• _Source information_
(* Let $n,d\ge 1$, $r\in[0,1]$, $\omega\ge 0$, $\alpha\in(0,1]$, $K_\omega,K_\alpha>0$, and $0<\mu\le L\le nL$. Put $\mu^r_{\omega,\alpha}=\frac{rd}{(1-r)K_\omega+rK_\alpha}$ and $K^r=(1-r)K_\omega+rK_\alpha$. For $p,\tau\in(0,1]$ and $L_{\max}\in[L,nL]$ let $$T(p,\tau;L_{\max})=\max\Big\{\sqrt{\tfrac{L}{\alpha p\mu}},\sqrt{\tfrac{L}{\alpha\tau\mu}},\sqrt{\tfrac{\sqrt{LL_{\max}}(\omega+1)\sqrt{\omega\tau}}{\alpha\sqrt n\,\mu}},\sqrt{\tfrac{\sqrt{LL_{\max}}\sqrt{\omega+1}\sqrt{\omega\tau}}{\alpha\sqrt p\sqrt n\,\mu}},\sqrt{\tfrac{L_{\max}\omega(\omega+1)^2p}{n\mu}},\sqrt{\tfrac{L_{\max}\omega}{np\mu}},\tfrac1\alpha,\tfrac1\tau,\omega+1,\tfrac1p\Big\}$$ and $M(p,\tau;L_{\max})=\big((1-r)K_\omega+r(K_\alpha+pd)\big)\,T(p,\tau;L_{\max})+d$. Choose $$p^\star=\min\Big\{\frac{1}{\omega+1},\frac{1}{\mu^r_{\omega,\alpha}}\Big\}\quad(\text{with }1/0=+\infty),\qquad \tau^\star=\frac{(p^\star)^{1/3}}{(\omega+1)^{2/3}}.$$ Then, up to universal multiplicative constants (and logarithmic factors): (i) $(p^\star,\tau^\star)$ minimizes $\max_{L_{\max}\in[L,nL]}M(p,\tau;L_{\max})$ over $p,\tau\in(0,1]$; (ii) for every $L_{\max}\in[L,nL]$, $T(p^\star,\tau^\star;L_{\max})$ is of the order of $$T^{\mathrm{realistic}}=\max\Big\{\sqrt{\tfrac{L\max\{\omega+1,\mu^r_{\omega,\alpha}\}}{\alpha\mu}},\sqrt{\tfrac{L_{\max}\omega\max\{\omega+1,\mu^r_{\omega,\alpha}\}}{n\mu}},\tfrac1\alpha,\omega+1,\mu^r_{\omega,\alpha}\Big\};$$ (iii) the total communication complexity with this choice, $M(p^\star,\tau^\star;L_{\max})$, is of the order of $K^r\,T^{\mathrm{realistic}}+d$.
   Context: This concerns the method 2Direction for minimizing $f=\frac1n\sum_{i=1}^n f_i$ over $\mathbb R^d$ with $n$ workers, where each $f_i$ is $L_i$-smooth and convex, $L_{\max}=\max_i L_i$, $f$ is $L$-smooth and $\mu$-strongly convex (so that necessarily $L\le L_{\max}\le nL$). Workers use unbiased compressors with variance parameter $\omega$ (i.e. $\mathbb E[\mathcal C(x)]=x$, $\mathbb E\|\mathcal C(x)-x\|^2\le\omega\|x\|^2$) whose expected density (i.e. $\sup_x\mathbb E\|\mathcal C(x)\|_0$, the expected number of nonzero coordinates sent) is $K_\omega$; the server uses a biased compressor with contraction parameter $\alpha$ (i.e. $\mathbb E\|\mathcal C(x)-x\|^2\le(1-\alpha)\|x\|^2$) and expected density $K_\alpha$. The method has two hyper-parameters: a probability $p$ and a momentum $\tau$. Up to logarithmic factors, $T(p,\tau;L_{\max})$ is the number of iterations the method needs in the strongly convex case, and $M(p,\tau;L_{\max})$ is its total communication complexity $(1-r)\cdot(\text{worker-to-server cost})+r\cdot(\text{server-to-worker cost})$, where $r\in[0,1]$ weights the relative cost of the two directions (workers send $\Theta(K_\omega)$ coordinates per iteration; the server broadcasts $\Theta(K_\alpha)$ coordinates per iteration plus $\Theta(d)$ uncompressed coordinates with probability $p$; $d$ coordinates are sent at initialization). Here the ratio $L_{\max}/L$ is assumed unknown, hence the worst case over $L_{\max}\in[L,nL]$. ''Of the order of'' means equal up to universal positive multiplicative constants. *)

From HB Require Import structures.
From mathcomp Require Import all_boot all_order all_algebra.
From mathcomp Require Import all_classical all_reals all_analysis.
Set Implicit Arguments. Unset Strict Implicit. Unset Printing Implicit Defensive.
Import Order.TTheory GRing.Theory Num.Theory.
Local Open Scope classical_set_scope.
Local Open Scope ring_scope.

...

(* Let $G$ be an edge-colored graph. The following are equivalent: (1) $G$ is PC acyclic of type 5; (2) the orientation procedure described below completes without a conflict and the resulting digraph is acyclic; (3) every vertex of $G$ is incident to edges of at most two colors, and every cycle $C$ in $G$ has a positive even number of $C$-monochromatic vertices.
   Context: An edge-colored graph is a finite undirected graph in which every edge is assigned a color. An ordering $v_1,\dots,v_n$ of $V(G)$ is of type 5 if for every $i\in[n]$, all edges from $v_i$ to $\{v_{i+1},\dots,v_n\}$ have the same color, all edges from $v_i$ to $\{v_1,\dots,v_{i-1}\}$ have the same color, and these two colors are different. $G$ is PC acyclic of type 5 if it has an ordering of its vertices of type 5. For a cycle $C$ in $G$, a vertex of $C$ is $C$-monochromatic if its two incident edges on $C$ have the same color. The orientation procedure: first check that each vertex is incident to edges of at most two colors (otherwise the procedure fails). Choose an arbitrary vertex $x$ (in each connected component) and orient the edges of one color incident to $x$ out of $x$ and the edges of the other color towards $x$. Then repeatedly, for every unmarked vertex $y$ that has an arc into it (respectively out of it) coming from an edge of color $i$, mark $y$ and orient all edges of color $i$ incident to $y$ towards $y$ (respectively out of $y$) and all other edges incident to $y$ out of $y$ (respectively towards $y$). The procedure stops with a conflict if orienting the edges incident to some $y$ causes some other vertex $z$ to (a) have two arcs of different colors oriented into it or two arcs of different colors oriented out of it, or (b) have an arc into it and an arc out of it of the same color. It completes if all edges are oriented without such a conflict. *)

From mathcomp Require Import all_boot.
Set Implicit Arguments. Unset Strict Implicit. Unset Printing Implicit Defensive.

• _Exercise requirements_
Please count the lines above containing "mathcomp"; number only.

• _Answer to this exercise_
3